I sigh and look up at my wall. I have so many thoughts going on in my head right now I can't even fall back to sleep. One second I'm so tired and the next I can't seem to go back to sleep. I get up out of bed and go into my bathroom looking at my reflection in the mirror.

I have dark bags under my eyes hair in a messy bun and I look like total shit. I walk out of my room running in to Norma's room to find her laying on her bed reading her book. I lay next to her and slap her book down.

"Emma really" she says glaring at me. "What! Your always reading. I have an idea, let's have girls day! Go to lunch together get our nails done go shopping?!"

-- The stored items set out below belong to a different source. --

End BalancedLabels.

Section SimplexFrame.
Variables (R : realType) (d k : nat).
Hypotheses (k_ge2 : (2 <= k)%N) (k_le : (k <= d.+1)%N).

Let K := k.-1.
Let kE : k = K.+1. Proof. by rewrite prednK // ltnW. Qed.
Let K_gt0 : (0 < K)%N. Proof. by rewrite -ltnS -kE. Qed.
Let K_le : (K <= d)%N. Proof. by rewrite -ltnS -kE. Qed.
Let Kr_gt0 : (0 : R) < K%:R. Proof. by rewrite ltr0n. Qed.

(* The vertices are [a e_j + b 1] for [j < K] and [g 1], in the first [K = k - 1]
   coordinates; the constants solve [a^2 = 1 + 1/K], [g^2 = 1/K] and [a + K b = -g]. *)
Let e (j : nat) : 'rV[R]_d := \row_(r < d) ((r : nat) == j)%:R.
Let one : 'rV[R]_d := \row_(r < d) ((r < K)%N)%:R.

Let dotv_el j u (jd : (j < d)%N) : dotv (e j) u = u ord0 (Ordinal jd).
Proof.
rewrite /dotv (bigD1 (Ordinal jd)) //= mxE eqxx mul1r big1 ?addr0 // => r.
by rewrite mxE -val_eqE /= => /negbTE ->; rewrite mul0r.
Qed.

Let dotv_ee i j : (i < K)%N -> (j < K)%N -> dotv (e i) (e j) = (i == j)%:R.
Proof. by move=> iK jK; rewrite (dotv_el _ (leq_trans iK K_le)) mxE. Qed.

Let dotv_e1 j : (j < K)%N -> dotv (e j) one = 1.
Proof. by move=> jK; rewrite (dotv_el _ (leq_trans jK K_le)) mxE /= jK. Qed.

Let dotv_11 : dotv one one = K%:R.
Proof.
have widen : \sum_(r < K) (1 : R) = \sum_(r < d | (r < K)%N) 1.
  exact: big_ord_widen d (fun=> 1) K_le.
rewrite sumr_const card_ord in widen; rewrite widen.
rewrite big_mkcond; apply: eq_bigr => r _; rewrite !mxE.
by case: (_ < _)%N; rewrite ?mulr1 ?mulr0.
Qed.

Let a : R := Num.sqrt (k%:R / K%:R).
Let g : R := - (Num.sqrt K%:R)^-1.
Let b : R := (- g - a) / K%:R.

Let krE : k%:R = K%:R + 1 :> R. Proof. by rewrite kE -addn1 natrD. Qed.

Let a2 : a ^+ 2 = k%:R / K%:R.
Proof. by rewrite sqr_sqrtr // divr_ge0 ?ler0n. Qed.

Let g2 : g ^+ 2 = K%:R^-1.
Proof. by rewrite sqrrN exprVn sqr_sqrtr ?ler0n. Qed.

Let aKb : a + K%:R * b = - g.
Proof. by rewrite /b; field; rewrite gt_eqF. Qed.

(* [b (2 a + K b) = b (a - g) = (g^2 - a^2) / K] *)
Let cross : 2 * a * b + K%:R * b ^+ 2 = - K%:R^-1.
Proof.
have -> : 2 * a * b + K%:R * b ^+ 2 = (g ^+ 2 - a ^+ 2) / K%:R.
  by rewrite /b; field; rewrite gt_eqF.
by rewrite g2 a2 krE; field; rewrite gt_eqF.
Qed.

Let u (j : nat) : 'rV[R]_d := a *: e j + b *: one.

Let dotv_uu i j : (i < K)%N -> (j < K)%N ->
  dotv (u i) (u j) = a ^+ 2 * (i == j)%:R - K%:R^-1.
Proof.
move=> iK jK; rewrite -cross dotvDl !dotvDr !dotvZl !dotvZr.
by rewrite dotv_ee // (dotvC one) !dotv_e1 // dotv_11; ring.
Qed.

Let dotv_u1 j : (j < K)%N -> dotv (u j) (g *: one) = - K%:R^-1.
Proof.
move=> jK; rewrite dotvZr dotvDl !dotvZl dotv_e1 // dotv_11.
by rewrite mulr1 (mulrC b) aKb mulrN -expr2 g2.
Qed.

Let vertex (j : 'I_k) : 'rV[R]_d := if (j < K)%N then u j else g *: one.

Lemma exists_simplex_frame : exists W : 'I_k -> 'rV[R]_d,
  (forall j, on_sphere (W j)) /\
  (forall i j, i != j -> dotv (W i) (W j) = - (k.-1%:R)^-1).
Proof.
exists vertex; split => [j|i j ij]; rewrite /on_sphere /vertex.
  case: ifP => jK; first by rewrite dotv_uu // eqxx mulr1 a2 krE; field; rewrite gt_eqF.
  by rewrite dotvZl dotvZr dotv_11 mulrA -expr2 g2 mulVf ?gt_eqF.
have i_or_j : (i < K)%N || (j < K)%N.
  apply: contraTT ij; rewrite negbK negb_or -!leqNgt => /andP[Ki Kj].
  have le_K (l : 'I_k) : (l <= K)%N by rewrite -ltnS -kE.
  by apply/eqP/val_inj/anti_leq; rewrite (leq_trans (le_K i) Kj) (leq_trans (le_K j) Ki).
case: ifP i_or_j => iK; case: ifP => jK //= _.
- by rewrite dotv_uu // val_eqE (negbTE ij) mulr0 add0r.
- exact: dotv_u1.
- by rewrite dotvC dotv_u1.
Qed.

End SimplexFrame.

Section RiskBound.
Variables (R : realType) (d k N : nat) (y : 'I_N -> 'I_k) (s : R) (f : R -> R).
Hypotheses (k_ge2 : (2 <= k)%N) (s_gt0 : 0 < s) (f_dom : cos_dominated f).
Implicit Types (W : 'I_k -> 'rV[R]_d) (Z : 'I_N -> 'rV[R]_d).

Let K : R := k.-1%:R.
Let b : R := (k%:R + 1) / 2.
Let c : R := s * (- K^-1 - f 0).
Let Q : R := 1 + K * expR c.
Let p : R := expR c / Q.

Let K_gt0 : 0 < K. Proof. by rewrite ltr0n -ltnS prednK // ltnW. Qed.
Let kE : k%:R = K + 1. Proof. by rewrite /K natr1 prednK // ltnW. Qed.
Let b_gt0 : 0 < b. Proof. by rewrite divr_gt0 // kE; lra. Qed.
Let Q_gt0 : 0 < Q. Proof. by rewrite ltr_wpDr ?mulr_ge0 ?expR_ge0 ?ltW. Qed.
Let p_gt0 : 0 < p. Proof. by rewrite divr_gt0 ?expR_gt0. Qed.
Let ps_gt0 : 0 < p * s / (2 * b). Proof. by apply: divr_gt0; apply: mulr_gt0. Qed.

Let card_other (l : 'I_k) : #|(fun j : 'I_k => j != l)| = k.-1.
Proof. by rewrite -[k in k.-1]card_ord -(cardC1 l); apply: eq_card. Qed.

Let center W (l : 'I_k) : 'rV[R]_d := b *: W l - \sum_j W j.

Definition sample_loss W Z (i : 'I_N) : R :=
  - ln (expR (s * f (angle (W (y i)) (Z i))) /
        (expR (s * f (angle (W (y i)) (Z i))) +
         \sum_(j < k | j != y i) expR (s * cos (angle (W j) (Z i))))).

Lemma riskE W Z : risk s f y W Z = N%:R^-1 * \sum_(i < N) sample_loss W Z i.
Proof. by []. Qed.

Lemma sum_logit_gap W Z i : (forall j, on_sphere (W j)) -> on_sphere (Z i) ->
  p * \sum_(j | j != y i) (s * (dotv (W j) (Z i) - f (angle (W (y i)) (Z i))) - c) =
    p * s / (2 * b) * (b ^+ 2 - dotv (center W (y i)) (center W (y i)))
    + p * s / (2 * b) * dotv (center W (y i) - b *: Z i) (center W (y i) - b *: Z i)
    + p * s * K * (f 0 + (dotv (W (y i)) (Z i) - 1) / 2 - f (angle (W (y i)) (Z i))).
Proof.
move=> hW hZ; set v := center W (y i); set a := f (angle (W (y i)) (Z i)).
have split_sq := sub_dotv_sphereE v hZ (lt0r_neq0 b_gt0).
rewrite {1}/v dotvBl dotvZl in split_sq.
have sum_other : \sum_(j | j != y i) (s * (dotv (W j) (Z i) - a) - c) =
    s * (dotv (\sum_j W j) (Z i) - dotv (W (y i)) (Z i)) - K * (s * a + c).
  rewrite sumrB -mulr_sumr sumrB !sumr_const card_other /K.
  by rewrite dotv_suml [in RHS](bigD1 (y i)) //=; ring.
transitivity (p * s * ((b ^+ 2 - dotv v v) / (2 * b)
    + dotv (v - b *: Z i) (v - b *: Z i) / (2 * b))
    + p * s * K * (f 0 + (dotv (W (y i)) (Z i) - 1) / 2 - a)); last by ring.
rewrite -split_sq sum_other /c /b kE; field; exact: lt0r_neq0.
Qed.

Lemma sample_loss_ge W Z i : (forall j, on_sphere (W j)) -> on_sphere (Z i) ->
  let lower := ln Q + p * s / (2 * b) * (b ^+ 2 - dotv (center W (y i)) (center W (y i))) in
  lower <= sample_loss W Z i /\
  (sample_loss W Z i <= lower ->
   Z i = b^-1 *: center W (y i) /\
   forall j, j != y i -> dotv (W j) (Z i) - f (angle (W (y i)) (Z i)) = - K^-1 - f 0).
Proof.
move=> hW hZ lower; have gap := sum_logit_gap hW hZ.
set v := center W (y i) in lower gap *; set a := f (angle (W (y i)) (Z i)) in gap *.
pose x j := s * (dotv (W j) (Z i) - a).
have lossE : sample_loss W Z i = ln (1 + \sum_(j | j != y i) expR (x j)).
  rewrite /sample_loss softmax_lossE; congr (ln (1 + _)); apply: eq_bigr => j _.
  by rewrite cos_angle // /x mulrBr.
have [tangent tangent_eq] := ln1Dsum_expR_tangent (fun j => j != y i) x c.
rewrite card_other -/K -/Q -/p -lossE gap in tangent tangent_eq.
have sq_ge0 := mulr_ge0 (ltW ps_gt0) (dotvv_ge0 (v - b *: Z i)).
have margin_ge0 : 0 <= p * s * K * (f 0 + (dotv (W (y i)) (Z i) - 1) / 2 - a).
  apply: mulr_ge0; first exact: mulr_ge0 (mulr_ge0 (ltW p_gt0) (ltW s_gt0)) (ltW K_gt0).
  by rewrite subr_ge0 -(cos_angle (hW _) hZ) f_dom ?angle_itv.
split=> [|le_lower]; first by rewrite /lower; lra.
have /eqP : p * s / (2 * b) * dotv (v - b *: Z i) (v - b *: Z i) = 0.
  by apply: le_anti; rewrite sq_ge0 andbT; move: le_lower; rewrite /lower; lra.
rewrite mulf_eq0 gt_eqF //= => /eqP/dotvv_eq0/subr0_eq ->.
split; first by rewrite scalerA mulVf ?scale1r ?gt_eqF.
move=> j yj; apply: (mulfI (lt0r_neq0 s_gt0)).
by apply: tangent_eq j yj; move: le_lower; rewrite /lower; lra.
Qed.

Lemma sum_center_balanced W : (forall j, on_sphere (W j)) -> balanced y ->
  \sum_(i < N) (b ^+ 2 - dotv (center W (y i)) (center W (y i))) =
    N%:R / k%:R * dotv (\sum_j W j) (\sum_j W j).
Proof.
move=> hW bal; rewrite (balanced_sum bal (fun l => b ^+ 2 - dotv (center W l) (center W l))).
  rewrite sumrB sumr_const card_ord sum_dotvv_centered // card_ord /b.
  by congr (_ * _); field.
exact: ltnW.
Qed.

Lemma risk_ge W Z : (forall j, on_sphere (W j)) -> (forall i, on_sphere (Z i)) ->
  balanced y -> (0 < N)%N ->
  ln Q <= risk s f y W Z /\
  (risk s f y W Z <= ln Q ->
   (forall i, Z i = W (y i)) /\ forall i j, j != y i -> dotv (W j) (W (y i)) = - K^-1).
Proof.
move=> hW hZ bal N_gt0; set S := \sum_j W j.
pose lower i := ln Q + p * s / (2 * b) * (b ^+ 2 - dotv (center W (y i)) (center W (y i))).
have le_lower i : lower i <= sample_loss W Z i := (sample_loss_ge hW (hZ i)).1.
have Nr_gt0 : (0 : R) < N%:R by rewrite ltr0n.
set T := p * s / (2 * b) * (N%:R / k%:R * dotv S S).
have T_ge0 : 0 <= T.
  exact: mulr_ge0 (ltW ps_gt0) (mulr_ge0 (divr_ge0 (ler0n _ _) (ler0n _ _)) (dotvv_ge0 S)).
have slack_ge0 : 0 <= \sum_i (sample_loss W Z i - lower i).
  by rewrite sumr_ge0 // => i _; rewrite subr_ge0.
have risk_split : risk s f y W Z = ln Q + N%:R^-1 * (\sum_i (sample_loss W Z i - lower i) + T).
  rewrite riskE sumrB big_split /= sumr_const card_ord -mulr_sumr.
  rewrite sum_center_balanced // -/S -/T -mulr_natl; field; exact: lt0r_neq0.
split.
  by rewrite risk_split lerDl; apply: mulr_ge0; [rewrite invr_ge0 ler0n | exact: addr_ge0].
rewrite risk_split gerDl pmulr_rle0 ?invr_gt0 // => le0.
have /eqP : \sum_i (sample_loss W Z i - lower i) + T = 0.
  by apply: le_anti; rewrite le0 addr_ge0.
rewrite paddr_eq0 // => /andP[/eqP slack0 /eqP T0].
have S0 : S = 0.
  have Nk_gt0 : (0 : R) < N%:R / k%:R by rewrite divr_gt0 // ltr0n ltnW.
  move/eqP: T0; rewrite mulf_eq0 (gt_eqF ps_gt0) mulf_eq0 (gt_eqF Nk_gt0) /=.
  by move=> /eqP /dotvv_eq0.
have tight i : sample_loss W Z i <= lower i.
  by rewrite -subr_le0 (psumr_eq0P _ slack0) // => l _; rewrite subr_ge0.
have Zy i : Z i = W (y i).
  have [_ /(_ (tight i)) [-> _]] := sample_loss_ge hW (hZ i).
  by rewrite /center -/S S0 subr0 scalerA mulVf ?scale1r ?gt_eqF.
split=> // i j jy; have [_ /(_ (tight i)) [_ /(_ j jy)]] := sample_loss_ge hW (hZ i).
by rewrite Zy angle_refl // => /eqP; rewrite subr_eq addrNK => /eqP.
Qed.

Lemma risk_simplex W : (forall j, on_sphere (W j)) -> (0 < N)%N ->
  (forall i j, i != j -> dotv (W i) (W j) = - K^-1) ->
  risk s f y W (fun i => W (y i)) = ln Q.
Proof.
move=> hW N_gt0 hG; rewrite riskE (eq_bigr (fun=> ln Q)) => [|i _].
  by rewrite sumr_const card_ord -[ln Q *+ _]mulr_natl mulKf ?pnatr_eq0 -?lt0n.
rewrite /sample_loss softmax_lossE angle_refl //.
under eq_bigr => j jy do rewrite cos_angle // hG //.
by rewrite sumr_const card_other -mulr_natl /Q /c mulrBr.
Qed.

End RiskBound.

Theorem proposition2 (R : realType) (d k N : nat) (y : 'I_N -> 'I_k) (s : R)
  (f : R -> R) :
  (2 <= d)%N -> (2 <= k)%N -> (k <= d.+1)%N ->
  balanced y -> (k <= N)%N -> 0 < s -> margin_fun f ->
  forall (W : 'I_k -> 'rV[R]_d) (Z : 'I_N -> 'rV[R]_d),
    (forall j, on_sphere (W j)) -> (forall i, on_sphere (Z i)) ->
    ((forall (W' : 'I_k -> 'rV[R]_d) (Z' : 'I_N -> 'rV[R]_d),
        (forall j, on_sphere (W' j)) -> (forall i, on_sphere (Z' i)) ->
        risk s f y W Z <= risk s f y W' Z')
     <->
     ((forall i j : 'I_k, i != j -> dotv (W i) (W j) = - (k.-1%:R)^-1) /\
      (forall i : 'I_N, Z i = W (y i)))).
Proof.
move=> _ k_ge2 k_le bal k_le_N s_gt0 /margin_fun_cos_dominated f_dom W Z hW hZ.
have N_gt0 : (0 < N)%N by rewrite (leq_trans _ k_le_N) // ltnW.
have [W0 [hW0 hG0]] := exists_simplex_frame R k_ge2 k_le.
have min_value := risk_simplex y s f hW0 N_gt0 hG0.
have [_ risk_lb_eq] := risk_ge k_ge2 s_gt0 f_dom hW hZ bal N_gt0.
split=> [minimal | [hG Zy] W' Z' hW' hZ'].
- have := minimal _ _ hW0 (fun i => hW0 (y i)).
  rewrite min_value => /risk_lb_eq[Zy Wy].
  split=> // i j ij; have [n yn] := balanced_label_surj bal N_gt0 j.
  by rewrite -yn Wy // yn.
- have -> : Z = (fun i => W (y i)) by apply: funext.
  rewrite (risk_simplex y s f hW N_gt0 hG).
  exact: (risk_ge k_ge2 s_gt0 f_dom hW' hZ' bal N_gt0).1.
Qed.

She smiles at my and nods and study's my face and starts to frown. "Are you having the dream again?" She says. I nod and look down. "I don't know why I keep having it. I'm ok though I swear. I just wanna get my mind off of things today and have a fun day with you." I smile at her

"Ok honey. Just tell me if you continue to have the dream ok? I don't want you to get stressed like the last time Emma ok? I'm serious. I need to know these things." She's says looking at me straight in the eyes.

"I know Norma I'm fine, I'm not stressing out okay?" I sigh and look at her and smile and walk off upstairs into my room. The last time I got stressed out I started skipping class not doing my work and I had a break down a couple days after that.

I was home alone and Norma was our shopping for food. I got home and I just couldn't take it anymore, so I went into the living room
And starting throwing all the pictures of my mom and dad on the floor and stomping on them with my shoes.

I started crying and screaming and kept throwing the photos on the floor until the floor was covered in broken glass. That's all I could remember before everything went black.

I hate even thinking about that day, Norma had called my parents to tell them what happened and they didn't even answer. And I haven't talked to them since. I don't even care anymore they don't care so I don't care.